As part of this new development, Kantorivich introduced an important concept called the Wasserstein distance. Similar to the distance between two points on a map, the Wasserstein distance (also known as the bulldozer distance inspired by its original scenario) measures the distance between two distributions, such as the blue and magenta distributions in this case. If all iron mines are far from all iron plants, then the Wasserstein distance between the distribution (location) of mines and the distribution of steel plants will be large. Even with these new improvements, it's still unclear whether there really is a best way to transport iron ore resources, let alone which method. Finally, in the 1990s, the theory began to develop rapidly as improvements in mathematical analysis and optimization led to partial solutions to the problem. In the 21st century, optimal transportation began to spread to other fields, such as particle physics, fluid dynamics, and even statistics and machine learning.

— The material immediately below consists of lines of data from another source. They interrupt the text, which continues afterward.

Definition path_incr (z : nat -> 'rV[R]_d) r :=
  if (1 < r)%N then norm2 (z r - z r.-1) else 0.

Lemma path_incr_ge0 z r : 0 <= path_incr z r.
Proof. by rewrite /path_incr; case: ifP => // _; apply: norm2_ge0. Qed.

Lemma sum_path_incr z : \sum_(0 <= r < T.+1) path_incr z r = CT z T.
Proof. by rewrite /CT (@big_nat_widenl _ _ _ 2 0) // big_mkcond. Qed.

Lemma CT_le_diam z : (forall r, (1 <= r <= T)%N -> X (z r)) -> CT z T <= T%:R * D.
Proof.
move=> Xz; apply: le_trans (ler_sum_nat (G := fun _ => D) _) _.
  by move=> t /andP[t2 tT]; apply: X_diam; apply: Xz; lia.
rewrite sumr_const_nat -[D *+ _]mulr_natl; apply: ler_wpM2r; rewrite ?diam_ge0 // ler_nat; lia.
Qed.

Lemma window_dev_le z t (i : 'I_m.+1) : (forall r, (1 <= r <= T)%N -> X (z r)) ->
  (1 <= t <= T)%N ->
  norm2 (window z t i - z t) <= D * (t <= m)%N%:R + \sum_(0 <= k < m) path_incr z (t - k).
Proof.
move=> Xz tT; have incr_ge0 := sumr_ge0 _ (fun k _ => path_incr_ge0 z (t - k)).
have i_le := ltn_ord i; rewrite /window; case: ifP => [mti | /negbT]; last first.
  rewrite -leqNgt => tim; have -> : (t <= m)%N by lia.
  rewrite sub0r norm2N mulr1 -[z t]subr0; apply: ler_wpDr => //.
  by apply: X_diam => //; apply: Xz.
apply: ler_wpDl; first by rewrite mulr_ge0 ?diam_ge0.
rewrite (_ : t + i - m = t - (m - i))%N; last by lia.
apply: le_trans (norm2_path z t (m - i)) _.
rewrite (@big_cat_nat _ _ _ (m - i) 0 m) //= ?leq_subr //; apply: ler_wpDr => //.
by apply: ler_sum_nat => k /andP[_ k_lt]; rewrite /path_incr ifT //; lia.
Qed.

Lemma sum_window_dev_le z : (forall r, (1 <= r <= T)%N -> X (z r)) ->
  \sum_(1 <= t < T.+1) \sum_(i < m.+1) norm2 (window z t i - z t) <=
  (m.+1 * m)%:R * (D + CT z T).
Proof.
move=> Xz; pose dev t := D * (t <= m)%N%:R + \sum_(0 <= k < m) path_incr z (t - k).
apply: (@le_trans _ _ (\sum_(1 <= t < T.+1) (m.+1)%:R * dev t)).
  apply: ler_sum_nat => t tT.
  apply: le_trans (ler_sum _ (fun i _ => window_dev_le i Xz tT)) _.
  by rewrite sumr_const card_ord mulr_natl.
have shift k : \sum_(1 <= t < T.+1) path_incr z (t - k) <= CT z T.
  rewrite -sum_path_incr; apply: le_trans (sum_subn_le _ k (path_incr_ge0 z) _) => //.
  by rewrite [X in _ <= X](big_ltn (ltn0Sn T)) lerDr path_incr_ge0.
rewrite -mulr_sumr big_split /= -mulr_sumr sum_indicator exchange_big_nat /=.
have := ler_sum_nat (fun k (_ : (0 <= k < m)%N) => shift k).
rewrite sumr_const_nat subn0 -mulr_natl => sum_shift.
have minTm : (minn T m)%:R <= m%:R :> R by rewrite ler_nat geq_minr.
have -> : (m.+1 * m)%:R * (D + CT z T) = m.+1%:R * (m%:R * (D + CT z T)) :> R.
  by rewrite natrM mulrA.
rewrite mulr1 ler_pM2l ?ltr0Sn //; have := ler_wpM2l diam_ge0 minTm; lra.
Qed.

With the explosion of new theories, optimal transportation has become the center of many new statistical and artificial intelligence algorithms over the past two decades. In almost every statistical algorithm, data are modeled, explicitly or implicitly, as having some underlying probability distribution. For example, if data on individual income are collected in different countries, there will be a probability distribution of that population's income in each country. If you wish to compare two countries based on the income distribution of their population, you need a way to measure the gap between the two distributions. This is exactly why optimizing transportation (especially Wasserstein distance) becomes so useful in data science. However, Wasserstein distance is not the only measure of the distance between two probability distributions. In fact, due to their connection to physics and information theory, the two options L-2 distance and Kullback-Leibler (KL) divergence have historically been more common. The main advantage of Wasserstein distance over these alternatives is that it takes into account both the values and their probabilities when calculating the distance, whereas L-2 distance and KL divergence only take into account probabilities. The image below shows an example of an artificial dataset on income for three fictional countries.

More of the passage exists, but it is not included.